Atomically Resolved Surface Structure of SrTiO3(001) Thin Films Grown in Step-Flow Mode by Pulsed Laser Deposition

TL;DR

This study uses STM to analyze the surface structure of SrTiO3(001) thin films grown by PLD, revealing metastable TiOx nanostructures and how annealing stabilizes the surface by reducing defects.

Contribution

It provides the first atomic-scale characterization of SrTiO3(001) surfaces grown in step-flow mode and links growth dynamics to surface stoichiometry and defect formation.

Findings

1D TiOx nanostructures form during growth and are metastable.

Annealing reduces nanostructures and defects, stabilizing the surface.
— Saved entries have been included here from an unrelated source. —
Lemma ri_extension S z x : ri S z -> aff S x -> exists2 e0 : R, 0 < e0 &
  forall e, 0 < e -> e <= e0 -> S (z + e *: (z - x)).
Proof.
move=> [Sz [d d0 dS]] Sx; set c := `|z - x|.
have c0 : 0 <= c := normr_ge0 _.
have c1 : 0 < c + 1 := ltr_wpDl c0 ltr01.
exists (d / (c + 1)) => [|e e0 ee0]; first exact: divr_gt0.
apply: dS; split; last by rewrite -comb_extE; apply: aff_affine => //; apply: sub_aff.
apply/ballP; rewrite opprD addrA subrr add0r normrN normrZ gtr0_norm // -/c.
have : e * (c + 1) <= d by rewrite -ler_pdivlMr.
nra.
Qed.

Lemma closure_segment (P : set V) w z :
  (forall t, 0 < t -> t <= 1 -> P (t *: w + (1 - t) *: z)) -> closure P z.
Proof.
move=> Pseg; apply/closure_normP => e e0; set c := `|z - w|.
have c0 : 0 <= c := normr_ge0 _.
set t := e / (e + c + 1).
have t0 : 0 < t by rewrite divr_gt0 //; lra.
have ht : t * (e + c + 1) = e by rewrite divfK // gt_eqF //; lra.
exists (t *: w + (1 - t) *: z); first by apply: Pseg => //; nra.
rewrite -{1}(combxx t z) opprD addrACA subrr addr0 -scalerBr normrZ gtr0_norm // -/c.
nra.
Qed.

End AffineHull.

Section SegmentPrinciple.
Variables (R : realType) (V : normedModType R).
Implicit Types (C S : set V) (a b w z : V) (t : R).

Lemma comb_invK t b z : t != 0 -> t *: (t^-1 *: (z - (1 - t) *: b)) + (1 - t) *: b = z.
Proof. by move=> t0; rewrite scalerA mulfV // scale1r subrK. Qed.

Lemma comb_invE t b z : t != 0 ->
  t^-1 *: (z - (1 - t) *: b) = t^-1 *: z + (1 - t^-1) *: b.
Proof.
move=> t0; rewrite scalerBr scalerA; congr (_ + _); rewrite -scaleNr.
by congr (_ *: _); field.
Qed.

Lemma comb_inv_subE t a b w : t != 0 ->
  a - t^-1 *: (w - (1 - t) *: b) = t^-1 *: ((t *: a + (1 - t) *: b) - w).
Proof.
move=> t0; rewrite -[a in a - _]scale1r -(mulVf t0) -scalerA -scalerBr.
by congr (_ *: _); rewrite opprB addrA.
Qed.

Lemma ri_segment C a b t : Defs.convex_set C -> ri C a -> C b ->
  0 < t -> t <= 1 -> ri C (t *: a + (1 - t) *: b).
Proof.
move=> cC [Ca [d d0 dC]] Cb t0 t1; have tn0 : t != 0 by rewrite gt_eqF.
split; first exact: cC _ _ Ca Cb _ (ltW t0) t1.
exists (t * d) => [|w [/ballP zw Cw]]; first exact: mulr_gt0.
rewrite -(comb_invK b w tn0); apply: (cC _ _ _ Cb _ (ltW t0) t1); apply: dC; split.
  apply/ballP; rewrite comb_inv_subE // normrZ gtr0_norm ?invr_gt0 //.
  by rewrite ltr_pdivrMl.
by rewrite comb_invE //; apply: aff_affine => //; apply: sub_aff.
Qed.

Lemma ri_half_ball S a d w : 0 < d -> ball a d `&` aff S `<=` S ->
  `|a - w| < d / 2 -> aff S w -> ri S w.
Proof.
move=> d0 dS aw Sw; have d2 : 0 < d / 2 by rewrite divr_gt0.
split; first by apply: dS; split=> //; apply/ballP; lra.
exists (d / 2) => // v [/ballP wv Sv]; apply: dS; split=> //; apply/ballP.
by apply: le_lt_trans (ler_distD w a v) _; rewrite [d]splitr ltrD.
Qed.

Lemma ri_segment_closure C a b t : Defs.convex_set C -> ri C a -> closure C b ->
  aff C b -> 0 < t -> t <= 1 -> ri C (t *: a + (1 - t) *: b).
Proof.
move=> cC Ca Cb Sb t0 t1; have [_ [d d0 dC]] := Ca.
have tn0 : t != 0 by rewrite gt_eqF.
set z := t *: a + (1 - t) *: b.
have Sz : aff C z by apply: aff_affine => //; exact: sub_aff (ri_sub Ca).
have [b' Cb' bb'] : exists2 b', C b' & `|b - b'| < t * d / 2.
  by apply: (closure_normP C b).1 => //; rewrite !mulr_gt0.
rewrite -(comb_invK b' z tn0); apply: ri_segment => //.
apply: (ri_half_ball d0 dC); last first.
  by rewrite comb_invE //; apply: aff_affine => //; apply: sub_aff.
rewrite comb_inv_subE // /z opprD addrACA subrr add0r -scalerBr scalerA normrZ.
rewrite [`|_ * _|]ger0_norm ?mulr_ge0 ?invr_ge0 ?subr_ge0 ?(ltW t0) // distrC.
rewrite -mulrA ltr_pdivrMl // mulrA; apply: le_lt_trans _ bb'.
by rewrite -[leRHS]mul1r ler_wpM2r //; lra.
Qed.

End SegmentPrinciple.

Definition affine_sets_closed (R : realType) (V : normedModType R) :=
  forall A : set V, affine_set A -> closure A `<=` A.

Definition convex_ri_neq0 (R : realType) (V : normedModType R) :=
  forall C : set V, Defs.convex_set C -> C !=set0 -> ri C !=set0.

Section NearlyConvexCore.
Variables (R : realType) (V : normedModType R).
Hypotheses (affV : affine_sets_closed V) (riV : convex_ri_neq0 V).
Variables (K G : set V).
Hypotheses (cK : Defs.convex_set K) (KG : K `<=` G) (GK : G `<=` closure K).

Lemma core_aff : G `<=` aff K.
Proof.
move=> x /GK Kx; apply: (affV (@aff_affine _ _ K)); move: Kx.
by apply: closureS => y; apply: sub_aff.
Qed.

Lemma core_affE : aff G = aff K.
Proof.
apply/seteqP; split; last exact: affS.
by apply: aff_min; [apply: aff_affine | apply: core_aff].
Qed.

Lemma core_neq0 : G !=set0 -> K !=set0.
Proof.
move=> [z /GK Kz]; have [a Ka _] := (closure_normP K z).1 Kz 1 ltr01.
by exists a.
Qed.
Surface stoichiometry is influenced by growth mode and post-deposition treatment.

Abstract

The surface structure of SrTiO3(001) thin films homoepitaxially grown by PLD in step-flow mode was characterized using low temperature STM. It was found that one-dimensional (1D) TiOx-based nanostructures were formed on the thin film surface and their density increased with increasing thin film thickness. Most of the 1D nanostructures disappeared after a post-deposition annealing, indicating that this structure is metastable due to the nonequilibrium growth mode. The resulting surface after annealing exhibited similar features to that of a thinner film, having a domain structure with (2x1) and (1x2) reconstructions, but with fewer oxygen-vacancy-type defects. These results imply that the step-flow growth is likely to produce TiOx-rich surface and Ti deficiencies in the film. By the post-deposition annealing, the rich TiOx would diffuse from the surface into the film to compensate defects associated with Ti vacancies and oxygen vacancies, resulting in the stable surface structure with fewer oxygen vacancies. Thus, STM measurements can provide us with a microscopic picture of surface stoichiometry of thin films originating in the dynamics of the growth process, and can present a new approach for designing functional oxide films.